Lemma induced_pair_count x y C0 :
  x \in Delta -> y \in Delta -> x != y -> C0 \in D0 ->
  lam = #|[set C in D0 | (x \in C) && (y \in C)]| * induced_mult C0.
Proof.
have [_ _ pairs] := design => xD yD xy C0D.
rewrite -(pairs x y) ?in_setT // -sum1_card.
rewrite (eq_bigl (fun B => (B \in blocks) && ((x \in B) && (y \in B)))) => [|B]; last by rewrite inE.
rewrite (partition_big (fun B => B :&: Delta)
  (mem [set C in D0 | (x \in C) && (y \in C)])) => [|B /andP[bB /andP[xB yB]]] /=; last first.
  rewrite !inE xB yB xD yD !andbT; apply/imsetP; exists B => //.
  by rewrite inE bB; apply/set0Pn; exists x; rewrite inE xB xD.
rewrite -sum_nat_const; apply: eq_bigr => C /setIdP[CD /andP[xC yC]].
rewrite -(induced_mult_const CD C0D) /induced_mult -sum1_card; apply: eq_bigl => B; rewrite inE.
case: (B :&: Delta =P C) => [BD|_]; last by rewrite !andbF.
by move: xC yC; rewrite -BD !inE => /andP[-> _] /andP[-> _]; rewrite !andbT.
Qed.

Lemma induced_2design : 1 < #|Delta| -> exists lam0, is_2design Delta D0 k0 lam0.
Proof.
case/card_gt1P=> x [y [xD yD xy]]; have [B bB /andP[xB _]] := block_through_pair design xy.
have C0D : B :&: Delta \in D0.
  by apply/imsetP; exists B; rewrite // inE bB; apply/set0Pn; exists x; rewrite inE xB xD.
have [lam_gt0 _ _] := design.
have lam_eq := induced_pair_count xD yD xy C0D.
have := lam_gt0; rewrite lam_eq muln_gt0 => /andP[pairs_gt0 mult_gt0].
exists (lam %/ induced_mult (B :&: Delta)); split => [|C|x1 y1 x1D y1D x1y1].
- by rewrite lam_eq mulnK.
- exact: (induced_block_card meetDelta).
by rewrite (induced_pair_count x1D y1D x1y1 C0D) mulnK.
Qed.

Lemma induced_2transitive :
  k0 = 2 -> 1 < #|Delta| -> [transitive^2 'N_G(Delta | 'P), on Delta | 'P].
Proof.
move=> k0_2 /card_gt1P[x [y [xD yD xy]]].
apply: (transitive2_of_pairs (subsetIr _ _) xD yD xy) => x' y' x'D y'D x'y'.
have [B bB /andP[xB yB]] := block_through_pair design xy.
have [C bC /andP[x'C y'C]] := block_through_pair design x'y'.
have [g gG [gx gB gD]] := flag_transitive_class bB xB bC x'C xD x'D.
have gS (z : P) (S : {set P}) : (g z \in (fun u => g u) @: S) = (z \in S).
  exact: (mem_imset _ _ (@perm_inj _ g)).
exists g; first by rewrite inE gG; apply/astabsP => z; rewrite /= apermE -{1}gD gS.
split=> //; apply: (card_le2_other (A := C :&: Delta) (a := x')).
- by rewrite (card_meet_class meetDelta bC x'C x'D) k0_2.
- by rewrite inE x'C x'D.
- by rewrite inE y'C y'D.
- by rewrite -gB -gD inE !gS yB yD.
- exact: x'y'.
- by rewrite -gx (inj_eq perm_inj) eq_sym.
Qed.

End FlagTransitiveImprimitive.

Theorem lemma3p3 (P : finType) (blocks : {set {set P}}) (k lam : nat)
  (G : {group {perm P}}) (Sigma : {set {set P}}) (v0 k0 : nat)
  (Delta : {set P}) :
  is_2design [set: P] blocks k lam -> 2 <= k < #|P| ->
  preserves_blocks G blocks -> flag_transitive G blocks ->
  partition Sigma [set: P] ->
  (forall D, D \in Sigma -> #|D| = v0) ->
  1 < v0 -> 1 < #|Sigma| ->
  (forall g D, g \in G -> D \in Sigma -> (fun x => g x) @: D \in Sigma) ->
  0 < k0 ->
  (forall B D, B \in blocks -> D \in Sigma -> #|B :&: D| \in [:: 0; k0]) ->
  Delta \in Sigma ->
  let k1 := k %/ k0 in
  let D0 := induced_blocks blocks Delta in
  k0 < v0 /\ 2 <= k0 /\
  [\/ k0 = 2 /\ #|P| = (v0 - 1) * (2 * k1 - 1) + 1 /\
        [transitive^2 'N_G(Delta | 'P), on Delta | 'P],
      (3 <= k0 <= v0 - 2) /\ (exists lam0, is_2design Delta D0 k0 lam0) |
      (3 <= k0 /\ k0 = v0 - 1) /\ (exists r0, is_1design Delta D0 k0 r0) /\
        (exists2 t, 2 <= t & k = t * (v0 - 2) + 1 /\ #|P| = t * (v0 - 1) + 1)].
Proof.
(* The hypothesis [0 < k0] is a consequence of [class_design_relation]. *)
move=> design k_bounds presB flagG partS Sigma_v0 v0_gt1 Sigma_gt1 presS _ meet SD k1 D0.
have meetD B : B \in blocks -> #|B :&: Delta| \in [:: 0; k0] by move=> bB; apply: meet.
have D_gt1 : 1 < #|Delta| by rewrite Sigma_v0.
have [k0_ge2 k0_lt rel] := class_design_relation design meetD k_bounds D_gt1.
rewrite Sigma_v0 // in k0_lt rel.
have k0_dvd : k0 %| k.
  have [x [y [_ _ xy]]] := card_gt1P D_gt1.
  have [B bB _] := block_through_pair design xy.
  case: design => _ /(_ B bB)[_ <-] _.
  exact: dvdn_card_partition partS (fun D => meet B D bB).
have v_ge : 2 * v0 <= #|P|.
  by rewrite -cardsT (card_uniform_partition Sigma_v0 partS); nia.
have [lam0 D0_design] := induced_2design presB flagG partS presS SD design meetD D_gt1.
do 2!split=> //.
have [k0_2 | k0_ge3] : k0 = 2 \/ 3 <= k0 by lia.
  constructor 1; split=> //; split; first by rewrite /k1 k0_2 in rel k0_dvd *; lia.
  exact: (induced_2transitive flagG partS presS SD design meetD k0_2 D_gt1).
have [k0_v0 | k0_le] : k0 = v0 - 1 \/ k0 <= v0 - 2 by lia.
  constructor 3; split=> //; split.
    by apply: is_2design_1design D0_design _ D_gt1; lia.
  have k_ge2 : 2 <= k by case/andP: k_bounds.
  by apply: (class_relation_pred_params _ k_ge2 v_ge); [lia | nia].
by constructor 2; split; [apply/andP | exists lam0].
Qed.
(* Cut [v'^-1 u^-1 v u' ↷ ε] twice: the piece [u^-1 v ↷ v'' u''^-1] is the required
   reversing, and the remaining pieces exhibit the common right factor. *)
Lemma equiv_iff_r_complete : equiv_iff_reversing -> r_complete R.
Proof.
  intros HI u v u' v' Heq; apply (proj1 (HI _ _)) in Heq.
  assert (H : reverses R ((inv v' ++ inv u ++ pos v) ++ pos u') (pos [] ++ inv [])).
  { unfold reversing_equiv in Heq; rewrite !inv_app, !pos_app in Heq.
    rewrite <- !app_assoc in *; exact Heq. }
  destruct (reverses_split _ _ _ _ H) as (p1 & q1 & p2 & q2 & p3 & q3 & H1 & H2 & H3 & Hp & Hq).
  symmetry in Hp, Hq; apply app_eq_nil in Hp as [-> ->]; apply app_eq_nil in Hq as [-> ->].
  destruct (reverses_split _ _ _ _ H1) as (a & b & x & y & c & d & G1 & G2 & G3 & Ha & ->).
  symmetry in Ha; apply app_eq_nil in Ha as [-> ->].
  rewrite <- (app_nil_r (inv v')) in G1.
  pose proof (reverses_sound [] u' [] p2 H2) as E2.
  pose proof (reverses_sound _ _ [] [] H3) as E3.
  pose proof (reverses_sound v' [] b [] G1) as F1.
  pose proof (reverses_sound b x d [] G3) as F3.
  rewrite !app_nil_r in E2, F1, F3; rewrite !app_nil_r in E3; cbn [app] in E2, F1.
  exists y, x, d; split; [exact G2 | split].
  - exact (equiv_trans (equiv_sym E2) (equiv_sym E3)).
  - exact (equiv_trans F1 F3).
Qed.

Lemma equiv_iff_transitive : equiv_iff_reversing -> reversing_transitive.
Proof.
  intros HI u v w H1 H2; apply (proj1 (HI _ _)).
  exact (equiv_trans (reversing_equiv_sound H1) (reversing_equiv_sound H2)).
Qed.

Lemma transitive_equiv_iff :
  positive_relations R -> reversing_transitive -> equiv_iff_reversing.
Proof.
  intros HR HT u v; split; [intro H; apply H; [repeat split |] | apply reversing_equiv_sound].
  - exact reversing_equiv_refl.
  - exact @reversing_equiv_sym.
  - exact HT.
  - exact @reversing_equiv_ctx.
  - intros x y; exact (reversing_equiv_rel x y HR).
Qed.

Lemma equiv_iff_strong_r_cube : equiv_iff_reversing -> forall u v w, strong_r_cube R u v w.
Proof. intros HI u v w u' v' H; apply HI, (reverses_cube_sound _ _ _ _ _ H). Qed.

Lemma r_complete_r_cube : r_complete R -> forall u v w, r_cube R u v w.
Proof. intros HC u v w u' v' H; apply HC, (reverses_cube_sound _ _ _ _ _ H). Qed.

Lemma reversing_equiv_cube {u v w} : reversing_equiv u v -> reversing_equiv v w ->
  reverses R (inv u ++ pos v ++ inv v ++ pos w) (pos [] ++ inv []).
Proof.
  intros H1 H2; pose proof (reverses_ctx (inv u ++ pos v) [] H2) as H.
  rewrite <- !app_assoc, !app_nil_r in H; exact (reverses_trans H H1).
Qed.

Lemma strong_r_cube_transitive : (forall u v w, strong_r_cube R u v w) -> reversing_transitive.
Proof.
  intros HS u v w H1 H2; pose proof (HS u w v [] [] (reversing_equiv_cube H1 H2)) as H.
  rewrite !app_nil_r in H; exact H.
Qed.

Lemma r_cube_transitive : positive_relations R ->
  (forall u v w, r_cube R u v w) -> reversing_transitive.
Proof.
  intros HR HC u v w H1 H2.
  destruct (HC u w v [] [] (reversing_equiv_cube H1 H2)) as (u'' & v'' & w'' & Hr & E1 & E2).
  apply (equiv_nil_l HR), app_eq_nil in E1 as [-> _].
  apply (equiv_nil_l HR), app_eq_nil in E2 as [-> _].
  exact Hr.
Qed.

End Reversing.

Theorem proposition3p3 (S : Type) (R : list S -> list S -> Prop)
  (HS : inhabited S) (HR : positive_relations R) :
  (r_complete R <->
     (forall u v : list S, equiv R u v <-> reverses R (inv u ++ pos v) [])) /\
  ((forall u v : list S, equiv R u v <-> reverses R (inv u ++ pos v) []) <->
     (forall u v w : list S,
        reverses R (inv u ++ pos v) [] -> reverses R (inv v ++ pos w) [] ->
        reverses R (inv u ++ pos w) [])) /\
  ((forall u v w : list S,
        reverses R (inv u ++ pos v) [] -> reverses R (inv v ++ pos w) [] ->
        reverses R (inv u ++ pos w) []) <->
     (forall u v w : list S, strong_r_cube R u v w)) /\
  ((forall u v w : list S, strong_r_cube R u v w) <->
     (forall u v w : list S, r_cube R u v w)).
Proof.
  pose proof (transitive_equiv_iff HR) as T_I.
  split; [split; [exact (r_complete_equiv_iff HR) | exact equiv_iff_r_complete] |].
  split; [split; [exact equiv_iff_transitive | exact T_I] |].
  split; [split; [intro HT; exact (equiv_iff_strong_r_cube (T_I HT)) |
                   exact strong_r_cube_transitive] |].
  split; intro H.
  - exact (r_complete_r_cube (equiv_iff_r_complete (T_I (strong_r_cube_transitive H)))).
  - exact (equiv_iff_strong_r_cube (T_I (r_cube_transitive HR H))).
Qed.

§ **Exercise**
Quote exactly the stretch of lines above that starts at the first one and ends at the line with "by rewrite inE bB;", and nothing beyond it.

§ **Exercise response**
Lemma induced_pair_count x y C0 :
  x \in Delta -> y \in Delta -> x != y -> C0 \in D0 ->
  lam = #|[set C in D0 | (x \in C) && (y \in C)]| * induced_mult C0.
Proof.
have [_ _ pairs] := design => xD yD xy C0D.
rewrite -(pairs x y) ?in_setT // -sum1_card.
rewrite (eq_bigl (fun B => (B \in blocks) && ((x \in B) && (y \in B)))) => [|B]; last by rewrite inE.
rewrite (partition_big (fun B => B :&: Delta)
  (mem [set C in D0 | (x \in C) && (y \in C)])) => [|B /andP[bB /andP[xB yB]]] /=; last first.
  rewrite !inE xB yB xD yD !andbT; apply/imsetP; exists B => //.
  by rewrite inE bB; apply/set0Pn; exists x; rewrite inE xB xD.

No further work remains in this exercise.